Which mode should I use for read and write to get the best performance?


----------



## olav (Apr 12, 2013)

A hardware RAID controller with onboard memory and BBU is great for ZFS! For write, I believe if you enable write past, you will get improved write performance and still be safe. And you don't lose ZFS features as self healing, because you've exported each disk as a single drive and created the actual RAID with ZFS.

For reading, I'm not really sure. Basically you cache reads both on the controller and in the ARC. Which is in my opinion a waste.


----------



## kpa (Apr 12, 2013)

Is the write cache on the card battery backed memory? If it's not I would use "write trough".


----------



## meteor8488 (Apr 12, 2013)

Hi all, Dell H710 mini comes with NV cache and battery, so does that mean I should use write pass to get better performance for SAS disk? And how about read? And in the future, if I use SSD, how about the read/write settings?


----------



## throAU (Apr 15, 2013)

If the controller has NVRAM/battery backed up cache, then it _should _honor write commits that have been reported to ZFS.

That's the entire point of having NVRAM / battery back up.

In other words, you _should _be OK to leave the controller's caching turned on.


----------



## meteor8488 (Apr 15, 2013)

throAU said:
			
		

> If the controller has NVRAM/battery backed up cache, then it _should _honor write commits that have been reported to ZFS.
> 
> That's the entire point of having NVRAM / battery back up.
> 
> In other words, you _should _be OK to leave the controller's caching turned on.



So do you mean that for both SSD and HDD, I should use

Read:
Read Ahead

Write:
Write back


----------



## Sfynx (Apr 25, 2013)

I've used a 3Ware SATA RAID card with BBU with ZFS quite successfully in the past by exporting six drives as Single Disk units and creating a pool with those.

With a functioning BBU, the on-card cache RAM can be considered "safe storage" when disk cache flush commands are concerned so even those can be acknowledged right away.

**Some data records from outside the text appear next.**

(* For every strongly binary $2$-matroid $Z$ there is a unique strongly binary $2$-sheltering matroid $Q$ such that $\mathcal Z(Q)=Z$.
   Context: Let $\Omega$ be a partition of a finite set $U$ into classes of size $2$. A subtransversal (transversal) meets every class in at most (exactly) one element. A transversal $2$-tuple is an ordered pair $\tau=(T_1,T_2)$ of disjoint transversals; each $t\in T_1$ corresponds to the unique $\bar t\in T_2$ with $\{t,\bar t\}\in\Omega$. For a $T_1\times T_2$ matrix $A$ over a field $\mathbb F$ that is skew-symmetric (i.e. $A_{s,\bar t}=-A_{t,\bar s}$ for all $s,t\in T_1$), $\mathcal Q(A,\tau,2)=(M,\Omega)$ where $M$ is the column matroid of $(I\mid A)$, rows indexed by $T_1$, identity columns indexed by $T_1$ and the columns of $A$ indexed by $T_2$; this is a $2$-sheltering matroid. A sheltering matroid is a pair $Q=(M,\Omega)$ with $M$ a matroid on $U$ such that for every independent subtransversal $I$ and every class $\{x,y\}$ disjoint from $I$, $I\cup\{x\}$ or $I\cup\{y\}$ is independent; $\mathcal Z(Q)$ denotes the multimatroid ($2$-matroid) on $(U,\Omega)$ whose independent sets are the independent subtransversals of $M$. A $2$-sheltering matroid $Q$ is strongly binary if $Q=\mathcal Q(A,\tau,2)$ for some transversal $2$-tuple $\tau$ and some skew-symmetric (equivalently, symmetric) matrix $A$ over $GF(2)$; a $2$-matroid $Z$ is strongly binary if $Z=\mathcal Z(Q)$ for some strongly binary $2$-sheltering matroid $Q$. Equality of sheltering matroids means equality of the matroids on $U$ together with the same partition $\Omega$. *)

From HB Require Import structures.
From mathcomp Require Import all_boot all_order all_algebra.
Set Implicit Arguments. Unset Strict Implicit. Unset Printing Implicit Defensive.
Import GRing.Theory.
Local Open Scope ring_scope.

Section Defs.
Variable U : finType.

If you do not trust the BBU enough for that, you can normally configure the card to do flushes to the physical drives in such a scenario, even when a BBU is present.
Of course you should always flush to the platters when the BBU fails or is not present... a good RAID card will warn you quite clearly when you attempt to set a possible dangerous caching policy without a working BBU. My card would automatically change policies when the BBU status changes in any way (low charge, failure, etc.)

So yeah, write back cache settings are safe with a BBU present. The impact of setting read ahead could depend on your workload, I can imagine it could do useless reads that ZFS knows nothing about...


----------